(Records from a data collection)
(* Let $1<p<\infty$ and let $\mathcal{U}$ be a selective nonprincipal ultrafilter on $\mathbb{N}$. If $(f_n)_{n,\mathcal{U}}$ lies in the range of $R$, then there are $g_1,g_2,\ldots\in L^{p}$ with pairwise disjoint (essential) supports such that $(f_n)_{n,\mathcal{U}}=(g_n)_{n,\mathcal{U}}$.
   Context: $L^{p}=L^{p}([0,1],\mu)$, $\mu$ Lebesgue measure. $(L^{p})^{\mathcal{U}}$ is the ultrapower of $L^p$, $(f_n)_{n,\mathcal{U}}$ the class of a bounded sequence. $R:(L^{p})^{\mathcal{U}}\to(L^{p})^{\mathcal{U}}$ is the projection $R[(f_n)_{n,\mathcal{U}}]=\lim_{r\to\infty}(f_nI(|f_n|>r))_{n,\mathcal{U}}$ (norm limit, which exists), $I(|f|>r)$ the indicator of $\{|f|>r\}$. An ultrafilter $\mathcal{U}$ on $\mathbb{N}$ is selective if (1) for every sequence $A_1,A_2,\dots$ in $\mathcal{U}$ there is $A\in\mathcal{U}$ with $A\setminus A_k$ finite for each $k$; and (2) for every partition of $\mathbb{N}$ into finite sets $A_1,A_2,\dots$ there is $A\in\mathcal{U}$ with $A\cap A_k$ a singleton for each $k$. *)

From HB Require Import structures.
From mathcomp Require Import all_boot all_order all_algebra.
From mathcomp Require Import all_classical all_reals all_analysis.
Set Implicit Arguments. Unset Strict Implicit. Unset Printing Implicit Defensive.
Import Order.TTheory GRing.Theory Num.Theory.
Local Open Scope classical_set_scope.
Local Open Scope ring_scope.

Definition is_ultrafilter (U : set (set nat)) : Prop :=
  [/\ U setT, ~ U set0,
      (forall A B, U A -> A `<=` B -> U B),
      (forall A B, U A -> U B -> U (A `&` B)) &
      (forall A, U A \/ U (~` A))].

Definition nonprincipal (U : set (set nat)) : Prop :=
  forall A : set nat, finite_set A -> ~ U A.

(** Selective ultrafilter, conditions (1) and (2) of the paper.
    A partition of nat into finite sets: pairwise disjoint, nonempty,
    finite blocks covering nat (necessarily countably many). *)
Definition selective (U : set (set nat)) : Prop :=
  is_ultrafilter U /\
  (forall A : nat -> set nat, (forall k, U (A k)) ->
     exists2 B, U B & forall k, finite_set (B `\` A k)) /\
  (forall A : nat -> set nat,
     (forall k l, k <> l -> A k `&` A l = set0) ->
     (forall k, A k !=set0) ->
     (forall k, finite_set (A k)) ->
     \bigcup_k A k = setT ->
     exists2 B, U B & forall k, exists x, B `&` A k = [set x]).

Section Lp.
Variable R : realType.
Notation mu := (@lebesgue_measure R).
Definition I01 : set R := `[(0:R)%R, 1%R].

Definition inLp (p : R) (f : R -> R) : Prop :=
  measurable_fun I01 f /\
  (\int[mu]_(x in I01) ((`|f x| `^ p)%:E) < +oo)%E.

Definition Lpnorm (p : R) (f : R -> R) : R :=
  (fine (\int[mu]_(x in I01) ((`|f x| `^ p)%:E))) `^ p^-1.

(** A bounded sequence in L^p (a representative of an element of the ultrapower). *)
Definition bdd_Lp_seq (p : R) (f : nat -> R -> R) : Prop :=
  (forall n, inLp p (f n)) /\ exists M : R, forall n, Lpnorm p (f n) <= M.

**What you will do:**
What lines in the records above include the string "mathcal"? Copy each one.

**Worked solution:**
(* Let $1<p<\infty$ and let $\mathcal{U}$ be a selective nonprincipal ultrafilter on $\mathbb{N}$. If $(f_n)_{n,\mathcal{U}}$ lies in the range of $R$, then there are $g_1,g_2,\ldots\in L^{p}$ with pairwise disjoint (essential) supports such that $(f_n)_{n,\mathcal{U}}=(g_n)_{n,\mathcal{U}}$.
   Context: $L^{p}=L^{p}([0,1],\mu)$, $\mu$ Lebesgue measure. $(L^{p})^{\mathcal{U}}$ is the ultrapower of $L^p$, $(f_n)_{n,\mathcal{U}}$ the class of a bounded sequence. $R:(L^{p})^{\mathcal{U}}\to(L^{p})^{\mathcal{U}}$ is the projection $R[(f_n)_{n,\mathcal{U}}]=\lim_{r\to\infty}(f_nI(|f_n|>r))_{n,\mathcal{U}}$ (norm limit, which exists), $I(|f|>r)$ the indicator of $\{|f|>r\}$. An ultrafilter $\mathcal{U}$ on $\mathbb{N}$ is selective if (1) for every sequence $A_1,A_2,\dots$ in $\mathcal{U}$ there is $A\in\mathcal{U}$ with $A\setminus A_k$ finite for each $k$; and (2) for every partition of $\mathbb{N}$ into finite sets $A_1,A_2,\dots$ there is $A\in\mathcal{U}$ with $A\cap A_k$ a singleton for each $k$. *)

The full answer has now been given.